Last Updated: September 13th 2025

Legal professional using AI tools in Singapore 2025 with law books, laptop and AI interface

Too Long; Didn't Read:

Singapore 2025: NAIS 2.0 and over SGD1 billion in AI funding (plus SGD150M Enterprise Compute Initiative) drive sectoral guidance - PDPA (Mar 2024), Model AI Governance and AI Verify (mapped to NIST/ISO). Use tools like LawNet 4.0 (~10,000 users). Lawyers must verify outputs, keep humans-in-loop, run DPIAs and allocate contractual risk.

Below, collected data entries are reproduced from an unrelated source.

Lemma lang_cat G A A' B B' :
  lang G A A' -> lang G B B' -> lang G (A ++ B) (A' ++ B').
Proof.
move=> hA hB; apply: (@lang_trans _ _ (A' ++ B)).
  elim: hA => [x|x y z [s1 [s2 [x' [r [hm [-> ->]]]]]] _ IH]; first exact: rtc_refl.
  by apply: rtc_step IH; exists s1, (s2 ++ B), x', r; rewrite -!catA.
elim: hB => [x|x y z [s1 [s2 [x' [r [hm [-> ->]]]]]] _ IH]; first exact: rtc_refl.
by apply: rtc_step IH; exists (A' ++ s1), s2, x', r; rewrite !catA.
Qed.

Lemma lang_split G A B t :
  lang G (A ++ B) t -> exists A' B', [/\ t = A' ++ B', lang G A A' & lang G B B'].
Proof.
move eAB: (A ++ B) => s h; elim: h A B eAB => [x|x y z hr _ IH] A B eAB.
  by exists A, B; split=> //; apply: rtc_refl.
case: hr => [s1 [s2 [x' [r [hm [ex ey]]]]]].
rewrite ex in eAB; case: (cat_split (esym eAB)) => [[m [eA eB]]|[m [eB eA]]].
- case: (IH (s1 ++ r ++ m) B); first by rewrite ey eB !catA.
  move=> A' [B' [-> h1 h2]].
  by exists A', B'; split=> //; apply: rtc_step h1; exists s1, m, x', r; rewrite eA.
- case: (IH A (m ++ r ++ s2)); first by rewrite ey eA !catA.
  move=> A' [B' [-> h1 h2]].
  by exists A', B'; split=> //; apply: rtc_step h2; exists m, s2, x', r; rewrite eB.
Qed.

Lemma lang_frozen G s t : (forall q, q \in G -> q.1 \notin s) -> lang G s t -> t = s.
Proof.
move=> frozen hl; case: hl frozen => [//|x y z [s1 [s2 [x' [r [hm [ex _]]]]]] _] frozen.
by move: (frozen _ hm); rewrite /= ex mem_cat in_cons eqxx orbT.
Qed.

End Rewriting.

Section Transfer.
Variables (E : finType) (U : Type) (V : U -> Prop) (R : E -> U -> U -> Prop).

Hypothesis R_dom : forall b x y, R b x y -> V x /\ V y.

Definition rules_closed (P : seq (rule E)) : Prop :=
  forall p v1 v2, p \in P -> V v1 -> V v2 -> walk R p.2 v1 v2 -> ledge R p.1 v1 v2.

Lemma walk_vert s w u : V w -> walk R s w u -> V u.
Proof.
elim: s w => [|x s IH] w /=; first by move=> ? <-.
move=> Vw [v [hx hw]]; apply: IH hw.
by move: hx; rewrite /ledge; case: x.2 => /R_dom [].
Qed.

Lemma lang_transfer (P Gp : seq (rule E)) :
  rules_closed P ->
  (forall p q, p \in P -> q \in Gp -> q.1 \in p.2 -> q \in P) ->
  forall s t w u, lang Gp s t -> V w -> walk R t w u ->
  exists2 t', lang [seq q <- Gp | q \notin P] s t' & walk R t' w u.
Proof.
move=> closedP upP s t w u hl; elim: hl w u => [x|x y z hr _ IH] w u Vw hw.
  by exists x => //; apply: rtc_refl.
have [t1 hl1 hw1] := IH w u Vw hw.
case: hr => [s1 [s2 [x' [r [hm [ex ey]]]]]].
have [inP | notinP] := boolP ((x', r) \in P); last first.
  exists t1 => //; apply: rtc_step hl1.
  by exists s1, s2, x', r; rewrite mem_filter notinP.
have r_frozen : forall q, q \in [seq q <- Gp | q \notin P] -> q.1 \notin r.
  move=> q; rewrite mem_filter => /andP [qP qG].
  by apply: contra qP => qr; apply: (upP (x', r)).
rewrite ey in hl1; have [A' [Z [eZ hA hZ]]] := lang_split hl1.
have [R' [B' [eR hR hB]]] := lang_split hZ.
rewrite eZ eR (lang_frozen r_frozen hR) in hw1.
case/walk_cat: hw1 => v1 [hwA /walk_cat [v2 [hwr hwB]]].
have V1 := walk_vert Vw hwA; have V2 := walk_vert V1 hwr.
exists (A' ++ x' :: B').
  by rewrite ex; apply: lang_cat hA (lang_cat (rtc_refl _ [:: x']) hB).
by apply/walk_cat; exists v1; split=> //; exists v2; split=> //; exact: (closedP (x', r)).
Qed.

End Transfer.

Section Saturation.
Variables (E : finType) (U S : Type) (G : gseq E U S) (H' : seq (horn E)).

Lemma sat_base b x y : gedge G b x y -> sat_edge H' G b x y.
Proof. by move=> h R base _; apply: base. Qed.

Lemma sat_dom : is_gseq G -> forall b x y, sat_edge H' G b x y -> gvert G x /\ gvert G y.
Proof.
move=> hg b x y h; apply: (h (fun _ v1 v2 => gvert G v1 /\ gvert G v2)); first exact: hg.
by move=> fwd a s v1 v2 _ ? ?; case: fwd.
Qed.

Lemma sat_horn_closed : horn_closed H' G (sat_edge H' G).
Proof.
move=> fwd a s w u hin Vw Vu hw; case: fwd hin => hin R base cl;
by apply: (cl _ a s w u hin Vw Vu); apply: walk_mono hw => b x y; apply.
Qed.

Lemma in_hsys p :
  p \in hsys H' <-> exists2 h, h \in H' & p = horn_rule h \/ p = barr (horn_rule h).
Proof.
split=> [/flatten_mapP [h hin]|[h hin ep]].
  by rewrite !inE => /orP [] /eqP ->; exists h => //; [left|right].
by apply/flatten_mapP; exists h => //; rewrite !inE; case: ep => ->; rewrite eqxx ?orbT.
Qed.

Lemma sat_rules_closed : rules_closed (gvert G) (sat_edge H' G) (hsys H').
Proof.
move=> p v1 v2 /in_hsys [[[fwd a] s] hin [->|->]] V1 V2 /= hw.
  by have := sat_horn_closed hin V1 V2 hw; rewrite /ledge /=; case: fwd {hin}.
have := sat_horn_closed hin V2 V1 (walk_bars hw).
by rewrite /ledge /=; case: fwd {hin}.
Qed.

End Saturation.

Lemma horn_rule_of (E : finType) (q : rule E) : horn_rule (horn_of_rule q) = q.
Proof. by case: q => [[e b] r]; rewrite /horn_rule /horn_of_rule /= negbK. Qed.

(* Fracturability: a rule of G(C) rewriting a letter of the right side of a
   rule of G(H') depends on it, hence lies in G(H') itself. *)
Lemma fracturable_upward (E : finType) (Gc : seq (rule E)) (H' : seq (horn E)) p q :
  fracturable (H_of Gc) H' ->
  p \in hsys H' -> q \in Gc -> q.1 \in p.2 -> q \in hsys H'.
Proof.
move=> [sub indep] /in_hsys [h hin ep] qGc qp.
have qH : horn_of_rule q \in H_of Gc by apply: map_f.
have [qH'|qH'] := boolP (horn_of_rule q \in H').
  by apply/in_hsys; exists (horn_of_rule q) => //; left; rewrite horn_rule_of.
have [/eqP e1|ne1] := boolP (q == horn_rule h); first by apply/in_hsys; exists h; [|left].
have [/eqP e2|ne2] := boolP (q == barr (horn_rule h)); first by apply/in_hsys; exists h; [|right].
exfalso; apply: (indep h _ hin qH qH'); rewrite /hdep horn_rule_of.
apply: rtc_step (rtc_refl _ _); split=> //.
- by apply/in_hsys; exists h; [exact: sub | left].
- by apply/in_hsys; exists (horn_of_rule q) => //; left; rewrite horn_rule_of.
- by case: ep => ep; subst p; rewrite qp ?orbT.
Qed.

Lemma in_flatten_map (A : Type) (T : eqType) (f : A -> seq T) (l : seq A) e x :
  List.In e l -> x \in f e -> x \in flatten (map f l).
Proof.
elim: l => [//|a l IH] /= [->|he] hx; rewrite mem_cat ?hx //.
by rewrite IH ?orbT.
Qed.

Theorem mainTheorem7 (E : finType) (U S : Type) (G : gseq E U S) (C : constr E U)
  (H' : seq (horn E)) :
  (0 < #|E|)%N ->
  is_gseq G ->
  is_constraint C ->
  fracturable (H_of (sys_of_constr C)) H' ->
  satisfies G C ->
  satisfies (saturate H' G) (fracture C (hsys H')).
Proof.
move=> _ hg [[_ _ edge_verts _ _] _] hfr [hv he]; split=> //=.
move=> w u G'' a /List.in_map_iff [[[w0 u0] [G' a0]] [[<- <- <- <-] hin]].
have [t [hl hw]] := he w0 u0 G' a0 hin.
have Vw : gvert G w0 by apply: hv; case: (edge_verts _ _ _ hin).
have upward p q : p \in hsys H' -> q \in G' -> q.1 \in p.2 -> q \in hsys H'.
  move=> hp hq; apply: (fracturable_upward hfr hp).
  exact: (in_flatten_map (f := fun e => e.2.1) hin).
have [t' hl' hw'] := lang_transfer (sat_dom hg) (@sat_rules_closed _ _ _ G H')
  upward hl Vw (walk_mono (@sat_base _ _ _ G H') hw).
by exists t'; split.
Qed.
Lemma vstrip_axis (p c d e y : R) : 0 < c -> c < y < d -> 0 < e ->
  vstrip p c d e (p, y).
Proof.
move=> c0 /andP[cy yd] e0; apply/rectP; split; last exact/andP.
have cd : c < d := lt_trans cy yd.
have : 0 < e * c ^+ 2 / (2 * (d - c)) by rewrite divr_gt0 ?mulr_gt0 ?exprn_gt0 // subr_gt0.
by move=> w0; apply/andP; split; lra.
Qed.

Lemma hstrip_axis (L e x : R) : 0 < e -> - L < x < L -> hstrip L e (x, 1).
Proof.
move=> e0 /andP[Lx xL]; apply/rectP; split; first exact/andP.
have : 0 < e / (16 * L) by rewrite divr_gt0 // mulr_gt0 //; lra.
by move=> h0; apply/andP; split; lra.
Qed.

Definition tooth (p q e : R) : set (R * R) :=
  vstrip p (q / (q + 2)) (q + 2) (e / 2) `|` hstrip (p ^+ 2 + 1) (e / 2).

Lemma tooth_bottom_bounds (q : R) : 0 < q ->
  [/\ 0 < q / (q + 2), q / (q + 2) < q & q / (q + 2) < 1].
Proof.
move=> q0; have q2 : 0 < q + 2 by lra.
by split; [exact: divr_gt0|rewrite ltr_pdivrMr //; nra|rewrite ltr_pdivrMr //; lra].
Qed.

Lemma sqr_add1_bounds (p : R) : - (p ^+ 2 + 1) < p < p ^+ 2 + 1.
Proof.
have := sqr_ge0 (p - 1 / 2); have := sqr_ge0 (p + 1 / 2).
by rewrite !sqrrD !sqrrN; move=> ? ?; apply/andP; split; nra.
Qed.

Lemma tooth_upper_half_plane (p q e : R) : 0 < q -> e <= 1 ->
  tooth p q e `<=` @upper_half_plane R.
Proof.
move=> /tooth_bottom_bounds[c0 _ _] e1; rewrite subUset; split.
  exact/rect_upper_half_plane/ltW.
apply: rect_upper_half_plane.
have : e / 2 / (16 * (p ^+ 2 + 1)) <= 1 by rewrite ler_pdivrMr; nra.
lra.
Qed.

Lemma measurable_tooth (p q e : R) : measurable (tooth p q e : set T).
Proof. by apply: measurableU; exact: measurable_rect. Qed.

Lemma open_tooth (p q e : R) : open (tooth p q e).
Proof. by apply: openU; exact: open_rect. Qed.

Lemma hyp_area_tooth (p q e : R) : 0 < q -> 0 < e -> e <= 1 ->
  (hyp_area (tooth p q e) <= e%:E)%E.
Proof.
move=> /tooth_bottom_bounds[c0 cq _] e0 e1.
rewrite /tooth; apply: le_trans (measureU2 (@hyp_measure R) _ _) _;
  try exact: measurable_rect.
rewrite [e in e%:E]splitr EFinD; apply: leeD.
  by apply: hyp_area_vstrip => //; lra.
by apply: hyp_area_hstrip; nra.
Qed.

Lemma tooth_tip (p q e : R) : 0 < q -> 0 < e -> tooth p q e (p, q).
Proof.
move=> q0 e0; have [c0 cq _] := tooth_bottom_bounds q0; left.
by apply: vstrip_axis => //; [apply/andP; split|]; lra.
Qed.

Lemma tooth_base (p q e : R) : 0 < e -> tooth p q e (0, 1).
Proof.
move=> e0; right; have p2 := sqr_ge0 p.
by apply: hstrip_axis; [|apply/andP; split]; nra.
Qed.

Lemma connected_tooth (p q e : R) : 0 < q -> 0 < e -> connected (tooth p q e).
Proof.
move=> q0 e0; have [c0 _ c1] := tooth_bottom_bounds q0; apply: connectedU; last first.
- exact: connected_rect.
- exact: connected_rect.
exists (p, 1); split.
  by apply: vstrip_axis => //; [apply/andP; split|]; lra.
apply: hstrip_axis; [lra|exact: sqr_add1_bounds].
Qed.

End teeth.

Section comb.
Variable R : realType.

(* Enumerates the rational points of the upper half-plane; non-positive
   heights are replaced by 1. *)
Definition rat_point (n : nat) : R * R :=
  if @unpickle (rat * rat)%type n is Some (a, b)
  then (ratr a, if 0 < ratr b :> R then ratr b else 1)
  else (0, 1).

Lemma rat_point_gt0 n : 0 < (rat_point n).2.
Proof. by rewrite /rat_point; case: unpickle => [[a b]|] //=; case: ifP. Qed.

Lemma rat_point_dense (x y e : R) : 0 < y -> 0 < e ->
  exists n, `|(rat_point n).1 - x| < e /\ `|(rat_point n).2 - y| < e.
Proof.
move=> y0 e0.
have [a] : exists a : rat, ratr a \in `]x - e, x + e[ by apply: rat_in_itvoo; lra.
rewrite in_itv /= => /andP[xa ax].
have [b] : exists b : rat, ratr b \in `]Num.max 0 (y - e), y[.
  by apply: rat_in_itvoo; rewrite gt_max; apply/andP; split; lra.
rewrite in_itv /= gt_max => /andP[/andP[b0 yeb] bly].
exists (pickle (a, b)); rewrite /rat_point pickleK /= b0.
by split; rewrite ltr_norml; apply/andP; split; lra.
Qed.

Definition comb : set (R * R) :=
  \bigcup_n tooth (rat_point n).1 (rat_point n).2 (1 / (2 ^ n.+1)%:R).

Let eps_gt0 n : 0 < 1 / (2 ^ n.+1)%:R :> R.
Proof. by rewrite divr_gt0 // ltr0n expn_gt0. Qed.

Let eps_le1 n : 1 / (2 ^ n.+1)%:R <= 1 :> R.
Proof. by rewrite ler_pdivrMr ?ltr0n ?expn_gt0 // mul1r ler1n expn_gt0. Qed.

Lemma comb_upper_half_plane : comb `<=` @upper_half_plane R.
Proof. by move=> z [n _]; apply: tooth_upper_half_plane; [exact: rat_point_gt0|]. Qed.

Lemma open_comb : open comb.
Proof. by apply: bigcup_open => n _; exact: open_tooth. Qed.

Lemma connected_comb : connected comb.
Proof.
apply: bigcup_connected; first by exists (0, 1) => n _; exact: tooth_base.
by move=> n _; apply: connected_tooth; [exact: rat_point_gt0|].
Qed.

Lemma upper_half_plane_closure_comb : @upper_half_plane R `<=` closure comb.
Proof.
move=> [x y] /= y0 B /nbhs_ballP[e /= e0 eB].
have [n [xn yn]] := rat_point_dense x y0 e0.
exists (rat_point n); split; last by apply: eB; split => /=; rewrite /ball /= distrC.
exists n => //; case: (rat_point n) (rat_point_gt0 n) => p q /= q0.
exact: tooth_tip.
Qed.

Lemma hyp_area_comb : (hyp_area comb <= 1%:E)%E.
Proof.
apply: le_trans (measure_sigma_subadditive (@hyp_measure R)
  (fun n => measurable_tooth _ _ _) _ _) _.
- by apply: bigcupT_measurable => n; exact: measurable_tooth.
- exact: subset_refl.
apply: le_trans (epsilon_trick0 xpredT ler01).
apply: lee_nneseries => [n _ _|n _]; first exact: measure_ge0.
by apply: hyp_area_tooth; [exact: rat_point_gt0| |].
Qed.

End comb.

Theorem proposition1 :
  exists (G : set 'M[Rdefinitions.R]_2) (F1 F2 : set (Rdefinitions.R * Rdefinitions.R)),
    [/\ fuchsian G, fundamental_domain G F1, fundamental_domain G F2 &
        hyp_area F1 <> hyp_area F2].
Proof.
exists (@pm1 _), (@upper_half_plane _), (@comb _); split.
- exact: fuchsian_pm1.
- apply: pm1_fundamental_domain => //.
  + exact: open_upper_half_plane.
  + exact: connected_upper_half_plane.
  + exact: subset_closure.
- apply: pm1_fundamental_domain.
  + exact: comb_upper_half_plane.
  + exact: open_comb.
  + exact: connected_comb.
  + exact: upper_half_plane_closure_comb.
- move=> area_eq; have := hyp_area_upper_half_plane_ge2 Rdefinitions.R.
  by rewrite area_eq => /le_trans/(_ (hyp_area_comb _)); rewrite lee_fin; lra.
Qed.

Introduction: Using AI as a Legal Professional in Singapore in 2025 - Singapore's NAIS 2.0 has shifted AI from “nice to have” to something every lawyer should understand, and the city‑state favours agile, sectoral guidance (Model AI Governance Framework, AI Verify) over a single omnibus law; law firms already deploy AI for document review and M&A due diligence while courts publish practical rules on generative tools.

With fresh public funding for compute and skills and clear PDPA, IP and cybersecurity guidance, legal teams must verify outputs, keep humans in the loop and treat AI as an efficiency tool that still carries professional liability.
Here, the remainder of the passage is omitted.